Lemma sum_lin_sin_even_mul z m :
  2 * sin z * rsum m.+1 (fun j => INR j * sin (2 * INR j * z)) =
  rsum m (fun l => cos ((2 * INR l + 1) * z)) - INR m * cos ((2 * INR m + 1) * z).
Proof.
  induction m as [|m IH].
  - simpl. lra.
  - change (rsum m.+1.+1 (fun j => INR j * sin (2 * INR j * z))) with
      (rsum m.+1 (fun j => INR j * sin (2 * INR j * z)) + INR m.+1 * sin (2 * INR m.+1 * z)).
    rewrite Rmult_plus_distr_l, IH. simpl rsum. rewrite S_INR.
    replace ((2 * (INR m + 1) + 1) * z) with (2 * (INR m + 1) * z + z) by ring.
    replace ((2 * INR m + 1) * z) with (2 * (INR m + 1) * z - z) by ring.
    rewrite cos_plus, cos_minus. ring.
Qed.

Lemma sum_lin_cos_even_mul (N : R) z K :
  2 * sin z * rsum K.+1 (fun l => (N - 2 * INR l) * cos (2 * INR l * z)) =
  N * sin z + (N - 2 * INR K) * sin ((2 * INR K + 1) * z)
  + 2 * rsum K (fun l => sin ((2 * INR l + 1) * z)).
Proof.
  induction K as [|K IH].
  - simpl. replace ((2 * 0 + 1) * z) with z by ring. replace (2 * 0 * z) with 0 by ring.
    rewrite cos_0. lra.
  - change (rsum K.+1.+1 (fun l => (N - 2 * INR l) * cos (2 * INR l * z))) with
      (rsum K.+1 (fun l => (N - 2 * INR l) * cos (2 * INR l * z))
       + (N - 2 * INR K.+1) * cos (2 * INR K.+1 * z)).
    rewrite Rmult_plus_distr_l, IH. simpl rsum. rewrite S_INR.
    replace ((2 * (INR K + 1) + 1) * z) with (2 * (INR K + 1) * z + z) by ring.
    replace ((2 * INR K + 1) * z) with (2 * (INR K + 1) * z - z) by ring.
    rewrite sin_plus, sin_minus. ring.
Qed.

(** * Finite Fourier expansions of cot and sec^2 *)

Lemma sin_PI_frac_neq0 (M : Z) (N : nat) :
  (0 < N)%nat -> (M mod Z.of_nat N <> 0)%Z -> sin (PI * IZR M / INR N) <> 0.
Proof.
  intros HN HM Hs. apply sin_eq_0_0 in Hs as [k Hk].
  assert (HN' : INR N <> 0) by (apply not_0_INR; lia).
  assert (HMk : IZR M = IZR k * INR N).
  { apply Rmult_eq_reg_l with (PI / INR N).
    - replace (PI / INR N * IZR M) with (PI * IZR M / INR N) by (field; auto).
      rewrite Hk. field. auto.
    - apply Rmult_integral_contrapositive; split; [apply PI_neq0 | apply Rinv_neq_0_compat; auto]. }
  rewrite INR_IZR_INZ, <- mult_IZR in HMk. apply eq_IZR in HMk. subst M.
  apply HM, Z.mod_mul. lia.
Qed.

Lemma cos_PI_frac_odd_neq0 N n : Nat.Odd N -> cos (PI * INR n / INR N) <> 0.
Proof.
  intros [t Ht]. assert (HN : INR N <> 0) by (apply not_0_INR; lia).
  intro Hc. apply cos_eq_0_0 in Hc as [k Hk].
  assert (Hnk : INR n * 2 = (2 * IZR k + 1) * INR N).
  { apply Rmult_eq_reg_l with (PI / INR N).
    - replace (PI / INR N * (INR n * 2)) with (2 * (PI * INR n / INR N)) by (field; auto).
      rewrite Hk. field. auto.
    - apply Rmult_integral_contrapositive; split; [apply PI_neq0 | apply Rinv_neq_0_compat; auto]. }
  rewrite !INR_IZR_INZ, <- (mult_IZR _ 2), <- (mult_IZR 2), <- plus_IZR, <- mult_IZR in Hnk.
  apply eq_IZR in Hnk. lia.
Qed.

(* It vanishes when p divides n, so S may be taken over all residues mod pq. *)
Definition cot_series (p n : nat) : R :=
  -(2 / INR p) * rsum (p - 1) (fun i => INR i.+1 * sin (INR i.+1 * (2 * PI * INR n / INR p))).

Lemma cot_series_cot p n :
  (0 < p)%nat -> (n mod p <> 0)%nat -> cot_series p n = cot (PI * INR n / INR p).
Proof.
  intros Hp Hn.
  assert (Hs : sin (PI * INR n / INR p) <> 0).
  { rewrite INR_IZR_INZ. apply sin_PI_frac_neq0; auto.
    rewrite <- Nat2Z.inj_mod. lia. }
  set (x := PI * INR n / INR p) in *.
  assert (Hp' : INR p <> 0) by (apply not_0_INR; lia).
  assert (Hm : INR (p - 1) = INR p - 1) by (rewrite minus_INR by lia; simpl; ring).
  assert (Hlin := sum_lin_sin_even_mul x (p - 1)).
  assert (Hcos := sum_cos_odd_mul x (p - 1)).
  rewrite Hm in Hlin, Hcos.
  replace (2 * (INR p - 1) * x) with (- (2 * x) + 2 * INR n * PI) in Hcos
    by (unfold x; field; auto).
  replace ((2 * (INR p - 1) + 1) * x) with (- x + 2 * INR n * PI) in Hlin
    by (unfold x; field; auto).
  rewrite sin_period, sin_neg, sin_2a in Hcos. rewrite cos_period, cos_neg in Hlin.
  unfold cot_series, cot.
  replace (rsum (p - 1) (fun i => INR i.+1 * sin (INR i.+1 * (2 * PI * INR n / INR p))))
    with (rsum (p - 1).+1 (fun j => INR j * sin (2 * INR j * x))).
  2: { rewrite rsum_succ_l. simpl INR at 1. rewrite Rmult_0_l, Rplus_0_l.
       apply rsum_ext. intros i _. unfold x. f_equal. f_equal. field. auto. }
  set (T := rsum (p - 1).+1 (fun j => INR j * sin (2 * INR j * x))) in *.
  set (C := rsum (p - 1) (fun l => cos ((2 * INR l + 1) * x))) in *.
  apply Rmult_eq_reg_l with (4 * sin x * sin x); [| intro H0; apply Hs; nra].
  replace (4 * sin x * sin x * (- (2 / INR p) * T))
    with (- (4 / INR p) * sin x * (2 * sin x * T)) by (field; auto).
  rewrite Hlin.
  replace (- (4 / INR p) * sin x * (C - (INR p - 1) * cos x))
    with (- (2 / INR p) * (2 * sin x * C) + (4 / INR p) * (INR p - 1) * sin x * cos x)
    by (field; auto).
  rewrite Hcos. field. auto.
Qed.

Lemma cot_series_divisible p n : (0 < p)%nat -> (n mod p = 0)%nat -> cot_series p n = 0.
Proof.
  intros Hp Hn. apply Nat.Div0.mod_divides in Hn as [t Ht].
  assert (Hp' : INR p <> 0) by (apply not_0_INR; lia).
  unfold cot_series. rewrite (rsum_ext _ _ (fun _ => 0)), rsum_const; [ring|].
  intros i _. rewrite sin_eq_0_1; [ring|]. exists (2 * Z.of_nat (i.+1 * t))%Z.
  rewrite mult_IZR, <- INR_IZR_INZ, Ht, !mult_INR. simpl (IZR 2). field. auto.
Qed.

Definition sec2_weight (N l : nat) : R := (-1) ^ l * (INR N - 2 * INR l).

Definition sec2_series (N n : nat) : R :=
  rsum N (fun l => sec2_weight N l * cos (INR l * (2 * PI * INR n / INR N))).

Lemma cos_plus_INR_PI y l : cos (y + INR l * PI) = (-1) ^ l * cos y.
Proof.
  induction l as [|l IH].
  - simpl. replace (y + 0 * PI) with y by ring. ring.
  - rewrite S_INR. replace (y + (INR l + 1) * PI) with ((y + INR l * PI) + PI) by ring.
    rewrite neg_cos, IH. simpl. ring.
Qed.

----

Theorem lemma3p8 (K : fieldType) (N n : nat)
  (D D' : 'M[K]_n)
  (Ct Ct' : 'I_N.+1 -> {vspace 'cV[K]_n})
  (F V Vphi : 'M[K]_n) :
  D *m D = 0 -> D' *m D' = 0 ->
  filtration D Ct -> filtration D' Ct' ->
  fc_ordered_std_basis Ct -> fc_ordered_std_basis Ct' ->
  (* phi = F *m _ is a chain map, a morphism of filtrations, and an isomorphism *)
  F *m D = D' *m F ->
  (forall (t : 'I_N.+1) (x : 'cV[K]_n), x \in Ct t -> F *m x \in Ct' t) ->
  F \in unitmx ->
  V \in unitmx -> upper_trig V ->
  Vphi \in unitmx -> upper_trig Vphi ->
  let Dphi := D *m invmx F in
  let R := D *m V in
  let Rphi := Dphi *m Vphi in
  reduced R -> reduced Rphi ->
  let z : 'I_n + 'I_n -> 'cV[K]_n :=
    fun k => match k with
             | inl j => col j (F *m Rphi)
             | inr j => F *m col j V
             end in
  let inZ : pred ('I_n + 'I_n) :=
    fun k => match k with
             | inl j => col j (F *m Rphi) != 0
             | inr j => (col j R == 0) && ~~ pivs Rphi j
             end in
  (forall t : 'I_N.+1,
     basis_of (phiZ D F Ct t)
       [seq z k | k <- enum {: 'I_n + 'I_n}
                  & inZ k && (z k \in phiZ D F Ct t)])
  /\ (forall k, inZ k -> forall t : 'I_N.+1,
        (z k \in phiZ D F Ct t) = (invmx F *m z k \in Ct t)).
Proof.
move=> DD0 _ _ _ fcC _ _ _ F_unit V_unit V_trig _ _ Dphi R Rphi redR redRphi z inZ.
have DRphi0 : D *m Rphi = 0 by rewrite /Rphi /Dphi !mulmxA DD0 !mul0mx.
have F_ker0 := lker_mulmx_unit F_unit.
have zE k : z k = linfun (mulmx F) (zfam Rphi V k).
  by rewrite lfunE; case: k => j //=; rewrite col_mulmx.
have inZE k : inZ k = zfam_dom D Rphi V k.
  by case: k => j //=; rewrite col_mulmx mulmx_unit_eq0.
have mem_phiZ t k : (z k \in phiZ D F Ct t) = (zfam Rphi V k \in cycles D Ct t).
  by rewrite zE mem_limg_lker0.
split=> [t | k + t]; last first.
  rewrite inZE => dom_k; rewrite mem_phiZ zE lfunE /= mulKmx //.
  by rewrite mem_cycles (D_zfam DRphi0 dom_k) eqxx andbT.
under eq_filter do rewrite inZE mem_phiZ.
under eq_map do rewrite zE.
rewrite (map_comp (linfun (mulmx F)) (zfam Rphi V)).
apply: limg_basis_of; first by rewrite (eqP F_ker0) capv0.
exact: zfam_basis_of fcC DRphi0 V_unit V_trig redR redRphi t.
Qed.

----

*Your goal*. Send back exactly the lines of the listing above starting at the one with "replace ((2 * (INR m" and ending at the one with "Lemma sum_lin_cos_even_mul (N", inclusive, and no others.

*Task answer*.
    replace ((2 * (INR m + 1) + 1) * z) with (2 * (INR m + 1) * z + z) by ring.
    replace ((2 * INR m + 1) * z) with (2 * (INR m + 1) * z - z) by ring.
    rewrite cos_plus, cos_minus. ring.
Qed.

Lemma sum_lin_cos_even_mul (N : R) z K :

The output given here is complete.